(* Let $P$ be a program in normal form over a propositional signature $\Sigma$, and $q\in\Sigma$. If $P$ is $q$-forgettable, then $f_{SP}(P,q)$ is constructed using only the derivation rules (1a), (1b) and (4) (besides the rules in $R$); that is, $f_{SP}(P,q)=NF(P''')$, where $P'''$ consists of the rules of $R$ together with all rules produced by (1a), (1b) and (4).
   Context: A program over $\Sigma$ is a finite set of rules $r$ of the form $a_1\vee\dots\vee a_k\leftarrow b_1,\dots,b_l,\ not\,c_1,\dots,not\,c_m,\ not\,not\,d_1,\dots,not\,not\,d_n$ with atoms in $\Sigma$; write $H(r)=\{a_i\}$, $B^+(r)=\{b_i\}$, $B^-(r)=\{c_i\}$, $B^{--}(r)=\{d_i\}$, $B(r)=B^+(r)\cup\{not\,c: c\in B^-(r)\}\cup\{not\,not\,d:d\in B^{--}(r)\}$ (elements of $B(r)$ are literals); a rule is written $H(r)\leftarrow B(r)$. $\Sigma(r)$ is the set of atoms occurring in $r$. Normal form: $r$ is tautological if $H(r)\cap B^+(r)\ne\emptyset$ or $B^+(r)\cap B^-(r)\ne\emptyset$ or $B^-(r)\cap B^{--}(r)\ne\emptyset$; $r\in P$ is minimal in $P$ if no $r'\in P$ has ($H(r')\subseteq H(r)$ and $B(r')\subsetneq B(r)$) or ($H(r')\subsetneq H(r)$ and $B(r')\subseteq B(r)$). $P$ is in normal form if (i) for every atom $a$ and $r\in P$ at most one of $a$, $not\,a$, $not\,not\,a$ is in $B(r)$; (ii) if $a\in H(r)$ then neither $a$ nor $not\,a$ is in $B(r)$; (iii) every rule is minimal in $P$. $NF(P)$ is obtained by: 1. removing tautological rules; 2. removing from $B^{--}(r)$ atoms in $B^+(r)$; 3. removing from $H(r)$ atoms in $B^-(r)$; 4. removing rules not minimal in the resulting program. A self-cycle on $q$ is a rule $r$ with $q\in H(r)$ and $q\in B^{--}(r)$. A program $P$ in normal form is $q$-forgettable if at least one holds: (a) every rule of $P$ in which $q$ occurs is a self-cycle on $q$; (b) $P$ contains the fact $q\leftarrow$; (c) $P$ contains no self-cycle on $q$. Notation: for a set $S$ of literals, $not\,(S)=\{not\,s:s\in S\}$, $not\,not\,(S)=\{not\,not\,s:s\in S\}$, simplifying $not\,not\,not\,p=not\,p$ and $not\,not\,not\,not\,p=not\,not\,p$. $B^{\setminus q}(r)=B(r)\setminus\{q,not\,q,not\,not\,q\}$, $H^{\setminus q}(r)=H(r)\setminus\{q\}$. For a set of rules $Q$, $D_q(Q)$ is the set of all sets $not\,(\{l_1,\dots,l_m\})\cup not\,not\,(\{l_{m+1},\dots,l_n\})$ where $\langle\{r_1,\dots,r_m\},\{r_{m+1},\dots,r_n\}\rangle$ is a partition of $Q$ (parts possibly empty), $l_i\in B^{\setminus q}(r_i)$ for $i\le m$, $l_j\in H^{\setminus q}(r_j)$ for $j>m$ (so $D_q(\emptyset)=\{\emptyset\}$). The operator $f_{SP}$: let $P'=NF(P)$, $R=\{r\in P': q\notin\Sigma(r)\}$, $R_0=\{r\in P':q\in B(r)\}$, $R_1=\{r\in P': not\,q\in B(r)\}$, $R_2=\{r\in P': not\,not\,q\in B(r), q\notin H(r)\}$, $R_3=\{r\in P': not\,not\,q\in B(r), q\in H(r)\}$, $R_4=\{r\in P': not\,not\,q\notin B(r), q\in H(r)\}$. $P''$ consists of: every $r\in R$; and (1a) for $r_0\in R_0$, $r_4\in R_4$: $H(r_0)\cup H^{\setminus q}(r_4)\leftarrow B^{\setminus q}(r_0)\cup B(r_4)$; (2a) for $r_0\in R_0$, $r_3\in R_3$, $r'\in R_1\cup R_4$: $H(r_0)\cup H^{\setminus q}(r_3)\leftarrow B^{\setminus q}(r_0)\cup B^{\setminus q}(r_3)\cup not\,(H^{\setminus q}(r'))\cup not\,not\,(B^{\setminus q}(r'))$; (3a) for $r_0\in R_0$, $r_3\in R_3$, $h\in H(r_0)$, $D\in D_q((R_0\cup R_2)\setminus\{r_0\})$: $H(r_0)\leftarrow B^{\setminus q}(r_0)\cup\{not\,not\,h\}\cup D\cup B^{\setminus q}(r_3)\cup not\,(H^{\setminus q}(r_3))$; (1b) for $r_2\in R_2$, $r_4\in R_4$: $H(r_2)\leftarrow B^{\setminus q}(r_2)\cup not\,(H^{\setminus q}(r_4))\cup not\,not\,(B(r_4))$; (2b) for $r_2\in R_2$, $r_3\in R_3$, $r'\in R_1\cup R_4$: $H(r_2)\leftarrow B^{\setminus q}(r_2)\cup not\,(H^{\setminus q}(r_3)\cup H^{\setminus q}(r'))\cup not\,not\,(B^{\setminus q}(r_3)\cup B^{\setminus q}(r'))$; (3b) for $r_2\in R_2$, $r_3\in R_3$, $h\in H(r_2)$, $D\in D_q((R_0\cup R_2)\setminus\{r_2\})$: $H(r_2)\leftarrow B^{\setminus q}(r_2)\cup not\,(H^{\setminus q}(r_3))\cup not\,not\,(B^{\setminus q}(r_3)\cup\{h\})\cup D$; (4) for $r'\in R_1\cup R_4$, $D\in D_q(R_3\cup R_4)$ with $D\cap not\,(B^{\setminus q}(r'))=\emptyset$: $H^{\setminus q}(r')\leftarrow B^{\setminus q}(r')\cup D$; (5) for $r'\in R_1\cup R_4$, $r_3\in R_3$, $r\in R_0\cup R_2$, $D\in D_q(R_4)$ with $D\cap not\,(B^{\setminus q}(r'))=\emptyset$: $H^{\setminus q}(r')\leftarrow B^{\setminus q}(r')\cup not\,(H(r)\cup H^{\setminus q}(r_3))\cup not\,not\,(B^{\setminus q}(r)\cup B^{\setminus q}(r_3))\cup D$; (6) for $r'\in R_1\cup R_4$, $r_3\in R_3$, $h\in H^{\setminus q}(r')$, $D\in D_q((R_1\cup R_4)\setminus\{r'\})$: $H^{\setminus q}(r')\leftarrow B^{\setminus q}(r')\cup not\,(H^{\setminus q}(r_3))\cup not\,not\,(B^{\setminus q}(r_3)\cup\{h\})\cup D$; (7) for $r_0\in R_0$, $r_3,r_3'\in R_3$ with $r_3\ne r_3'$, $D\in D_q((R_0\cup R_2)\setminus\{r_0\})$, $h\in H(r_0)$: $H(r_0)\cup H^{\setminus q}(r_3)\leftarrow B^{\setminus q}(r_0)\cup B^{\setminus q}(r_3)\cup not\,(H^{\setminus q}(r_3'))\cup not\,not\,(B^{\setminus q}(r_3')\cup\{h\})\cup D$. Then $f_{SP}(P,q)=NF(P'')$. *)

From HB Require Import structures.
From mathcomp Require Import all_boot.
From mathcomp Require Import finmap.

Work to complete: Write the records out once more, exactly as shown.

Solution to this exercise:
(* Let $P$ be a program in normal form over a propositional signature $\Sigma$, and $q\in\Sigma$. If $P$ is $q$-forgettable, then $f_{SP}(P,q)$ is constructed using only the derivation rules (1a), (1b) and (4) (besides the rules in $R$); that is, $f_{SP}(P,q)=NF(P''')$, where $P'''$ consists of the rules of $R$ together with all rules produced by (1a), (1b) and (4).
   Context: A program over $\Sigma$ is a finite set of rules $r$ of the form $a_1\vee\dots\vee a_k\leftarrow b_1,\dots,b_l,\ not\,c_1,\dots,not\,c_m,\ not\,not\,d_1,\dots,not\,not\,d_n$ with atoms in $\Sigma$; write $H(r)=\{a_i\}$, $B^+(r)=\{b_i\}$, $B^-(r)=\{c_i\}$, $B^{--}(r)=\{d_i\}$, $B(r)=B^+(r)\cup\{not\,c: c\in B^-(r)\}\cup\{not\,not\,d:d\in B^{--}(r)\}$ (elements of $B(r)$ are literals); a rule is written $H(r)\leftarrow B(r)$. $\Sigma(r)$ is the set of atoms occurring in $r$. Normal form: $r$ is tautological if $H(r)\cap B^+(r)\ne\emptyset$ or $B^+(r)\cap B^-(r)\ne\emptyset$ or $B^-(r)\cap B^{--}(r)\ne\emptyset$; $r\in P$ is minimal in $P$ if no $r'\in P$ has ($H(r')\subseteq H(r)$ and $B(r')\subsetneq B(r)$) or ($H(r')\subsetneq H(r)$ and $B(r')\subseteq B(r)$). $P$ is in normal form if (i) for every atom $a$ and $r\in P$ at most one of $a$, $not\,a$, $not\,not\,a$ is in $B(r)$; (ii) if $a\in H(r)$ then neither $a$ nor $not\,a$ is in $B(r)$; (iii) every rule is minimal in $P$. $NF(P)$ is obtained by: 1. removing tautological rules; 2. removing from $B^{--}(r)$ atoms in $B^+(r)$; 3. removing from $H(r)$ atoms in $B^-(r)$; 4. removing rules not minimal in the resulting program. A self-cycle on $q$ is a rule $r$ with $q\in H(r)$ and $q\in B^{--}(r)$. A program $P$ in normal form is $q$-forgettable if at least one holds: (a) every rule of $P$ in which $q$ occurs is a self-cycle on $q$; (b) $P$ contains the fact $q\leftarrow$; (c) $P$ contains no self-cycle on $q$. Notation: for a set $S$ of literals, $not\,(S)=\{not\,s:s\in S\}$, $not\,not\,(S)=\{not\,not\,s:s\in S\}$, simplifying $not\,not\,not\,p=not\,p$ and $not\,not\,not\,not\,p=not\,not\,p$. $B^{\setminus q}(r)=B(r)\setminus\{q,not\,q,not\,not\,q\}$, $H^{\setminus q}(r)=H(r)\setminus\{q\}$. For a set of rules $Q$, $D_q(Q)$ is the set of all sets $not\,(\{l_1,\dots,l_m\})\cup not\,not\,(\{l_{m+1},\dots,l_n\})$ where $\langle\{r_1,\dots,r_m\},\{r_{m+1},\dots,r_n\}\rangle$ is a partition of $Q$ (parts possibly empty), $l_i\in B^{\setminus q}(r_i)$ for $i\le m$, $l_j\in H^{\setminus q}(r_j)$ for $j>m$ (so $D_q(\emptyset)=\{\emptyset\}$). The operator $f_{SP}$: let $P'=NF(P)$, $R=\{r\in P': q\notin\Sigma(r)\}$, $R_0=\{r\in P':q\in B(r)\}$, $R_1=\{r\in P': not\,q\in B(r)\}$, $R_2=\{r\in P': not\,not\,q\in B(r), q\notin H(r)\}$, $R_3=\{r\in P': not\,not\,q\in B(r), q\in H(r)\}$, $R_4=\{r\in P': not\,not\,q\notin B(r), q\in H(r)\}$. $P''$ consists of: every $r\in R$; and (1a) for $r_0\in R_0$, $r_4\in R_4$: $H(r_0)\cup H^{\setminus q}(r_4)\leftarrow B^{\setminus q}(r_0)\cup B(r_4)$; (2a) for $r_0\in R_0$, $r_3\in R_3$, $r'\in R_1\cup R_4$: $H(r_0)\cup H^{\setminus q}(r_3)\leftarrow B^{\setminus q}(r_0)\cup B^{\setminus q}(r_3)\cup not\,(H^{\setminus q}(r'))\cup not\,not\,(B^{\setminus q}(r'))$; (3a) for $r_0\in R_0$, $r_3\in R_3$, $h\in H(r_0)$, $D\in D_q((R_0\cup R_2)\setminus\{r_0\})$: $H(r_0)\leftarrow B^{\setminus q}(r_0)\cup\{not\,not\,h\}\cup D\cup B^{\setminus q}(r_3)\cup not\,(H^{\setminus q}(r_3))$; (1b) for $r_2\in R_2$, $r_4\in R_4$: $H(r_2)\leftarrow B^{\setminus q}(r_2)\cup not\,(H^{\setminus q}(r_4))\cup not\,not\,(B(r_4))$; (2b) for $r_2\in R_2$, $r_3\in R_3$, $r'\in R_1\cup R_4$: $H(r_2)\leftarrow B^{\setminus q}(r_2)\cup not\,(H^{\setminus q}(r_3)\cup H^{\setminus q}(r'))\cup not\,not\,(B^{\setminus q}(r_3)\cup B^{\setminus q}(r'))$; (3b) for $r_2\in R_2$, $r_3\in R_3$, $h\in H(r_2)$, $D\in D_q((R_0\cup R_2)\setminus\{r_2\})$: $H(r_2)\leftarrow B^{\setminus q}(r_2)\cup not\,(H^{\setminus q}(r_3))\cup not\,not\,(B^{\setminus q}(r_3)\cup\{h\})\cup D$; (4) for $r'\in R_1\cup R_4$, $D\in D_q(R_3\cup R_4)$ with $D\cap not\,(B^{\setminus q}(r'))=\emptyset$: $H^{\setminus q}(r')\leftarrow B^{\setminus q}(r')\cup D$; (5) for $r'\in R_1\cup R_4$, $r_3\in R_3$, $r\in R_0\cup R_2$, $D\in D_q(R_4)$ with $D\cap not\,(B^{\setminus q}(r'))=\emptyset$: $H^{\setminus q}(r')\leftarrow B^{\setminus q}(r')\cup not\,(H(r)\cup H^{\setminus q}(r_3))\cup not\,not\,(B^{\setminus q}(r)\cup B^{\setminus q}(r_3))\cup D$; (6) for $r'\in R_1\cup R_4$, $r_3\in R_3$, $h\in H^{\setminus q}(r')$, $D\in D_q((R_1\cup R_4)\setminus\{r'\})$: $H^{\setminus q}(r')\leftarrow B^{\setminus q}(r')\cup not\,(H^{\setminus q}(r_3))\cup not\,not\,(B^{\setminus q}(r_3)\cup\{h\})\cup D$; (7) for $r_0\in R_0$, $r_3,r_3'\in R_3$ with $r_3\ne r_3'$, $D\in D_q((R_0\cup R_2)\setminus\{r_0\})$, $h\in H(r_0)$: $H(r_0)\cup H^{\setminus q}(r_3)\leftarrow B^{\setminus q}(r_0)\cup B^{\setminus q}(r_3)\cup not\,(H^{\setminus q}(r_3'))\cup not\,not\,(B^{\setminus q}(r_3')\cup\{h\})\cup D$. Then $f_{SP}(P,q)=NF(P'')$. *)

From HB Require Import structures.
From mathcomp Require Import all_boot.
From mathcomp Require Import finmap.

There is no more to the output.